The chart below compares value vs. growth investment performance. It clearly illustrates that every period of long term under-performance for value vs. growth investing in the past 70 years has experienced a return to value’s pre-eminence with strong absolute and relative performance. We believe the environment today is quite similar to the early 2000’s following the dot.com bust when leadership changed and value stocks outperformed for a number of years. Evidence is building that value is starting to once again reassert its long-term dominance of roughly 5% annual out-performance. We can all look forward to a return to better results on the road ahead, as value investors.
As illustrated in the chart, value investing has just experienced its worst 10-year relative performance (-4.4% Annualized) vs. growth investing since 1945! Following each previous period of underperformance, value investing had a renaissance and experienced a significant period of relative outperformance.

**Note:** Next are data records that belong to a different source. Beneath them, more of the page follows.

(* For every integer $t\ge1$, $$-\frac{1}{3t^2}<\frac{S_4(t)}{(-1)^t\binom{-3/2}{t}}-\frac{(-1)^t}{\binom{-3/2}{t}}\frac{\sinh\alpha}{\alpha}+\frac{\cosh\alpha}{2t}<\frac{13}{20t^2}.$$
   Context: $\alpha=\pi/6$. $(a)_m=a(a+1)\cdots(a+m-1)$ is the rising factorial ($(a)_0=1$); $\binom{x}{m}=x(x-1)\cdots(x-m+1)/m!$. For $t\ge0$, $$S_4(t)=\sum_{s=0}^t(-1)^s(1/2-s)_{s+1}\sum_{u=0}^s\frac{(-1)^u(-s)_u}{(s+u+1)!\,(2u)!}\left(\frac{\pi^2}{36}\right)^u.$$ *)

From Stdlib Require Import Reals Arith Factorial.
Open Scope R_scope.

Fixpoint rising (a : R) (m : nat) : R :=
  match m with
  | O => 1
  | S k => rising a k * (a + INR k)
  end.

Fixpoint falling (x : R) (m : nat) : R :=
  match m with
  | O => 1
  | S k => falling x k * (x - INR k)
  end.

Definition gbinom (x : R) (m : nat) : R := falling x m / INR (fact m).

Definition alpha : R := PI / 6.

(* S_4(t) ; sum_f_R0 f n = f 0 + ... + f n *)
Definition S4 (t : nat) : R :=
  sum_f_R0 (fun s =>
    (-1) ^ s * rising (1/2 - INR s) (s + 1) *
    sum_f_R0 (fun u =>
      (-1) ^ u * rising (- INR s) u
        / (INR (fact (s + u + 1)) * INR (fact (2 * u)))
        * (PI ^ 2 / 36) ^ u) s) t.

(* Write c_s = (1/2)_s / s!, a_u = alpha^(2u) / (2u)! and
   w_u(s) = s! (s+1)! / ((s-u)! (s+u+1)! (s+1))   (zero for u > s).
   Exchanging the summations gives S_4(t) = 1/2 sum_u a_u sum_{s<=t} c_s w_u(s).
   For each u the series sum_s c_s w_u(s) equals 2/(2u+1): Chu-Vandermonde yields a
   WZ certificate Q_u with c_s w_u(s) = c_s Q_u(s) - c_{s+1} Q_u(s+1), where Q_u is
   bounded and c_s -> 0.  As sum_u a_u/(2u+1) = sinh(alpha)/alpha, the defect
   sinh(alpha)/alpha - S_4(t) equals 1/2 sum_u a_u T_u(t+1) with the tails
   T_u(n) = sum_{s>=n} c_s w_u(s).  The bounds (1 - u(u+1)/(s+1))/(s+1) <= w_u(s)
   <= 1/(s+1) and telescoping sums of c_s give
       2 c_n - (2/3) u(u+1) c_n / n <= T_u(n) <= 2 c_n.
   Summing against a_u, with sum a_u = cosh(alpha) <= 23/20 and
   sum u(u+1) a_u <= 63/200 (both from pi <= 68/21), squeezes the defect between
   c_{t+1} cosh(alpha) - (21/200) c_{t+1}/(t+1) and c_{t+1} cosh(alpha).  Since
   binom(-3/2, t) = (-1)^t (2t+2) c_{t+1}, the theorem becomes an elementary
   inequality in t. *)

From Stdlib Require Import Reals Lra Lia Arith Factorial.
Open Scope R_scope.

(* [fsum f n] is the finite sum f 0 + ... + f (n-1); unlike [sum_f_R0] it has
   exactly n terms, which makes splitting and telescoping arguments clean. *)
Fixpoint fsum (f : nat -> R) (n : nat) : R :=
  match n with O => 0 | S m => fsum f m + f m end.

Lemma sum_f_R0_fsum (f : nat -> R) (n : nat) : sum_f_R0 f n = fsum f (S n).
Proof.
  induction n as [|n IH]; [simpl; lra|].
  change (sum_f_R0 f (S n)) with (sum_f_R0 f n + f (S n)).
  rewrite IH. reflexivity.
Qed.

Lemma fsum_ext (f g : nat -> R) (n : nat) :
  (forall k, (k < n)%nat -> f k = g k) -> fsum f n = fsum g n.
Proof.
  induction n as [|n IH]; simpl; intros H; auto.
  rewrite IH by (intros; apply H; lia). rewrite H by lia. reflexivity.
Qed.

Lemma fsum_zero (n : nat) : fsum (fun _ => 0) n = 0.
Proof. induction n as [|n IH]; simpl; lra. Qed.

Lemma fsum_plus (f g : nat -> R) (n : nat) :
  fsum (fun k => f k + g k) n = fsum f n + fsum g n.
Proof. induction n as [|n IH]; simpl; lra. Qed.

In the longer run, academic and real world results show that investing in high quality companies at attractive valuations outperforms growth investing with significantly less volatility. In sum, we are excited about the outlook for better returns in your select group of high quality stocks! The icing on the cake is the quality companies you own, which pay consistent and growing dividends that deliver an important, dependable return component to your portfolio. In the midst of the current growth stock frenzy, our number one goal for you is to earn more consistent returns while experiencing less stress.

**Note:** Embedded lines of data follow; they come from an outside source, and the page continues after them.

(* Let $G=(V,E)$ with weight $\mu$ be an infinite, connected, locally finite weighted graph satisfying condition $(p_0)$, let $m>1$, and fix $o\in V$. Let $(p,q)\in G_2=\{(p,q)\in\mathbb R^2: q\ge m\}$. Suppose there exist constants $C>0$ and $n_1$ such that $$W_o(n)\le C\, n^{m}(\ln n)^{m-1}\quad\text{for all } n\ge n_1.$$ Then the inequality $\Delta_m u+u^p|\nabla u|^q\le 0$ on $V$ admits no nontrivial positive solution.
   Context: Setting: $G=(V,E)$ is an infinite, connected, locally finite graph with no loops and no multiple edges; $x\sim y$ means $x$ and $y$ are joined by an edge. A weight is a symmetric function $\mu:V\times V\to[0,\infty)$ with $\mu_{xy}=\mu_{yx}>0$ if and only if $x\sim y$; the vertex measure is $\mu(x)=\sum_{y\sim x}\mu_{xy}$. For $m>1$ and $u:V\to\mathbb R$, $\Delta_m u(x)=\frac{1}{\mu(x)}\sum_{y\sim x}\mu_{xy}|u(y)-u(x)|^{m-2}(u(y)-u(x))$ and $|\nabla u(x)|=\big(\sum_{y\sim x}\frac{\mu_{xy}}{2\mu(x)}(u(y)-u(x))^2\big)^{1/2}$. Condition $(p_0)$: there is a constant $p_0>1$ such that $\mu_{xy}/\mu(x)\ge 1/p_0$ for all $x\sim y$. $d(x,y)$ is the graph (shortest path) distance, $B(o,n)=\{x\in V: d(o,x)\le n\}$, and $W_o(n)=\sum_{x\in B(o,n),\,y\in V,\,d(o,x)<d(o,y)}\mu_{xy}$. A nontrivial positive solution of $\Delta_m u+u^p|\nabla u|^q\le 0$ is a non-constant function $u:V\to(0,\infty)$ such that $\Delta_m u(x)+u(x)^p|\nabla u(x)|^q\le 0$ for every $x\in V$, with the conventions $0^0=1$, $0^q=0$ for $q>0$, and, for $q<0$, $|\nabla u(x)|^q=+\infty$ when $|\nabla u(x)|=0$ (so the inequality fails at such $x$). *)

From HB Require Import structures.
From mathcomp Require Import all_boot all_order all_algebra.
From mathcomp Require Import all_classical all_reals all_analysis.
Set Implicit Arguments. Unset Strict Implicit. Unset Printing Implicit Defensive.
Import Order.TTheory GRing.Theory Num.Theory.
Local Open Scope classical_set_scope.
Local Open Scope ring_scope.

Section Graph.
Variable V : choiceType.
Variable adj : V -> V -> Prop.

Inductive walk : V -> V -> nat -> Prop :=
| walk0 x : walk x x 0
| walkS x y z n : adj x y -> walk y z n -> walk x z n.+1.

Definition simple_graph : Prop :=
  (forall x, ~ adj x x) /\ (forall x y, adj x y -> adj y x).
Definition locally_finite : Prop := forall x, finite_set [set y | adj x y].
Definition graph_connected : Prop := forall x y, exists n, walk x y n.
Definition infinite_graph : Prop := infinite_set [set: V].

(* graph (shortest path) distance; 0 if no path (never happens when connected) *)
Definition dist (x y : V) : nat :=
  match pselect (exists n, `[< walk x y n >]) with
  | left P => ex_minn P
  | right _ => 0%N
  end.

Definition ball (o : V) (n : nat) : set V := [set x | (dist o x <= n)%N].

Variable R : realType.
Variable mu : V -> V -> R.

Definition is_weight : Prop :=
  (forall x y, mu x y = mu y x) /\ (forall x y, 0 <= mu x y) /\
  (forall x y, 0 < mu x y <-> adj x y).

Definition vmeas (x : V) : R := \sum_(y \in [set y | adj x y]) mu x y.

Definition cond_p0 : Prop :=
  exists p0 : R, 1 < p0 /\ forall x y, adj x y -> 1 / p0 <= mu x y / vmeas x.

Definition mLap (m : R) (u : V -> R) (x : V) : R :=
  (vmeas x)^-1 * \sum_(y \in [set y | adj x y])
      (mu x y * (`|u y - u x| `^ (m - 2)) * (u y - u x)).

Definition grad_norm (u : V -> R) (x : V) : R :=
  Num.sqrt (\sum_(y \in [set y | adj x y])
              (mu x y / (2 * vmeas x) * (u y - u x) ^+ 2)).

Definition W (o : V) (n : nat) : R :=
  \sum_(x \in ball o n) \sum_(y \in [set y | (dist o x < dist o y)%N]) mu x y.

(* Delta_m u(x) + u(x)^p |nabla u(x)|^q <= 0, with the convention that for
   q < 0 and |nabla u(x)| = 0 the term is +oo (inequality fails).  For q > 0,
   powR gives 0^q = 0; for q = 0, powR gives 0^0 = 1. *)
Definition ineq_at (m p q : R) (u : V -> R) (x : V) : Prop :=
  if (q < 0) && (grad_norm u x == 0) then False
  else mLap m u x + u x `^ p * grad_norm u x `^ q <= 0.

Definition nontrivial_positive_solution (m p q : R) (u : V -> R) : Prop :=
  (forall x, 0 < u x) /\ (exists x y, u x != u y) /\
  (forall x, ineq_at m p q u x).
End Graph.

(* Since q >= m > 0, a positive solution u satisfies Delta_m u <= 0, and so does
   its truncation w = min(u, M) at a level M where u is not yet constant; w is a
   bounded, non-constant, m-superharmonic function.  Testing the superharmonicity
   of w against phi^m (M - w) gives a Caccioppoli inequality: on an edge xy where
   phi = 1, mu_xy |w y - w x|^m is at most a constant times the m-energy of phi.
   The growth bound on W_o makes the graph m-parabolic: the radial cutoff that
   decreases by c / ((j+1) 2^j) per unit of radius on each dyadic shell
   [2^j, 2^(j+1)), J <= j < J', has energy O(c^m H) with H the harmonic sum
   sum_(J <= j < J') 1/(j+1); it vanishes outside the ball of radius 2^J' once
   c = 1/H, and then its energy is O(H^(1-m)), which tends to 0 as J' grows.
   Hence w is constant along every edge, hence constant, a contradiction. *)

From Pilot Require Import Defs.
From HB Require Import structures.
From mathcomp Require Import all_boot all_order all_algebra.
From mathcomp Require Import all_classical all_reals all_analysis.
From mathcomp Require Import ring lra.
Set Implicit Arguments. Unset Strict Implicit. Unset Printing Implicit Defensive.
Import Order.TTheory GRing.Theory Num.Theory.
Local Open Scope classical_set_scope.
Local Open Scope ring_scope.

Section SignedPower.
Variable R : realType.
Implicit Types m s t : R.

Definition spow m t : R := `|t| `^ (m - 2) * t.

Lemma spow_mulr m t : 0 < m -> spow m t * t = `|t| `^ m.
Proof.
move=> m0; rewrite /spow -mulrA -expr2 -real_normK ?num_real//.
rewrite -(powR_mulrn _ (normr_ge0 t)) -powRD; first by congr (_ `^ _); lra.
by apply/implyP => /eqP; lra.
Qed.

Lemma normr_spow m t : 1 < m -> `|spow m t| = `|t| `^ (m - 1).
Proof.
move=> m1; rewrite /spow normrM ger0_norm ?powR_ge0//.
rewrite -{2}(powRr1 (normr_ge0 t)) -powRD; first by congr (_ `^ _); lra.
by apply/implyP => /eqP; lra.
Qed.

Lemma spowN m t : spow m (- t) = - spow m t.
Proof. by rewrite /spow normrN mulrN. Qed.

Lemma spow_ge0 m t : 0 <= t -> 0 <= spow m t.
Proof. by move=> t0; rewrite mulr_ge0 ?powR_ge0. Qed.

Lemma spow_le0 m t : t <= 0 -> spow m t <= 0.
Proof. by move=> t0; rewrite mulr_ge0_le0 ?powR_ge0. Qed.

Lemma ger0_spow m t : 1 < m -> 0 <= t -> spow m t = t `^ (m - 1).
Proof. by move=> m1 t0; rewrite -[LHS]ger0_norm ?spow_ge0// normr_spow// ger0_norm. Qed.

Lemma ler_spow m s t : 1 < m -> 0 <= s <= t -> spow m s <= spow m t.
Proof.
move=> m1 /andP[s0 st]; rewrite !ger0_spow//; last exact: le_trans st.
by apply: ge0_ler_powR => //; rewrite ?nnegrE//; [lra|exact: le_trans st].
Qed.

End SignedPower.

Section PowerInequalities.
Variable R : realType.
Implicit Types m a b t X Y A : R.

Lemma powR_ge_affine m t : 0 <= m -> 2^-1 <= t <= 1 -> 1 - 2 * m * (1 - t) <= t `^ m.
Proof.
move=> m0 /andP[t2 t1]; have t0 : 0 < t by lra.
have lnt : - (2 * (1 - t)) <= ln t.
  have tV0 : 0 < t^-1 by rewrite invr_gt0.
  have tV : -1 < t^-1 - 1 by lra.
  have := le_ln1Dx tV; rewrite addrC subrK lnV ?posrE// => h.
  have : t^-1 <= 2 * (1 - t) + 1.
    by rewrite -[t^-1]mul1r ler_pdivrMr //; nra.
  lra.
rewrite /powR gt_eqF//; apply: le_trans (expR_ge1Dx _); nra.
Qed.

Lemma powR_subr_le m a b : 1 <= m -> 0 <= b <= a ->
  a `^ m - b `^ m <= 2 * m * a `^ (m - 1) * (a - b).
Proof.
move=> m1 /andP[b0 ba].
have [a0|a0] := eqVneq a 0.
  have -> : b = 0 by lra.
  by rewrite a0 !subrr mulr0.
have {}a0 : 0 < a by rewrite lt_def a0 (le_trans b0 ba).
have am : a `^ m = a * a `^ (m - 1) by rewrite mulr_powRB1 ?ltW//; lra.
have am0 : 0 <= a `^ (m - 1) by apply: powR_ge0.
have bm0 : 0 <= b `^ m by apply: powR_ge0.
have [hb|hb] := leP (2 * b) a.
  have : a <= 2 * m * (a - b) by nra.
  by rewrite am; nra.
pose t := b / a.
have bt : b = t * a by rewrite /t divfK// gt_eqF.
have t01 : 2^-1 <= t <= 1.
  apply/andP; split; rewrite /t; first by rewrite ler_pdivlMr //; lra.
  by rewrite ler_pdivrMr // mul1r.
have m0 : 0 <= m by lra.
have ht := powR_ge_affine m0 t01.
have -> : b `^ m = t `^ m * a `^ m by rewrite {1}bt powRM //; lra.
have -> : a - b = (1 - t) * a by rewrite bt; ring.
have aA0 : 0 <= a * a `^ (m - 1) by rewrite mulr_ge0 // ltW.
rewrite am; nra.
Qed.

Lemma powR_young m X Y A : 1 < m -> 0 <= X -> 0 <= Y -> 0 < A ->
  X `^ (m - 1) * Y <= X `^ m / A + A `^ (m - 1) * Y `^ m.
Proof.
move=> m1 X0 Y0 A0.
have Xm0 : 0 <= X `^ m / A by rewrite divr_ge0 ?powR_ge0// ltW.
have Ym0 : 0 <= A `^ (m - 1) * Y `^ m by rewrite mulr_ge0 ?powR_ge0.
have [XAY|AYX] := leP X (A * Y).
  have : X `^ (m - 1) <= (A * Y) `^ (m - 1).
    apply: (ge0_ler_powR _ _ _ XAY); rewrite ?nnegrE//; first lra.
    by rewrite mulr_ge0 // ltW.
  rewrite powRM ?(ltW A0)// => h.
  have := ler_wpM2r Y0 h.
  by rewrite -mulrA [Y `^ _ * Y]mulrC mulr_powRB1//; lra.
have YXA : Y <= X / A by rewrite ler_pdivlMr// mulrC ltW.
have := ler_wpM2l (powR_ge0 X (m - 1)) YXA.
by rewrite mulrA [X `^ _ * X]mulrC mulr_powRB1//; lra.
Qed.

End PowerInequalities.

Section EdgeCaccioppoli.
Variable R : realType.
Variables (m M : R).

Healthy consumers with more money in their pockets will support this growing economy and future corporate profits. Simply stated, it is still a bull market for stocks. But, it is also evident that many of today’s stock leaders are becoming quite overly priced and popular. You should sleep better knowing you are invested in a portfolio of higher quality, better value and substantially higher income producing companies. These investments are relative bargains today and we believe are set to resume their longer term outperformance track record.
Good long-term investment results come from a disciplined and consistent process, and when you add in a dose of patience you substantially improve the odds of growing and protecting your wealth. We have used this formula successfully in many different financial, economic and political climates before and, over many decades, have delivered on our promise to both protect and grow your hard earned wealth.
Thank you for your trust and allowing us to help you on your journey to achieve your goals with peace of mind.
1 – *Returns are based on the “Pring Turner Conservative Growth & Income Composite.” Your returns could vary from the composite.
Disclaimer: Pring Turner is a Financial Advisor headquartered in Walnut Creek CA, and is registered with the Securities and Exchange Commission under the Investment Advisers Act of 1940. The views represented herein are Pring Turner’s own and all information is obtained from sources believed to be accurate and reliable. This information should not be considered a solicitation or offer to provide any service in any jurisdiction where it would be unlawful to do so. All indices are unmanaged and are not available for direct investment. Past performance does not guarantee future results.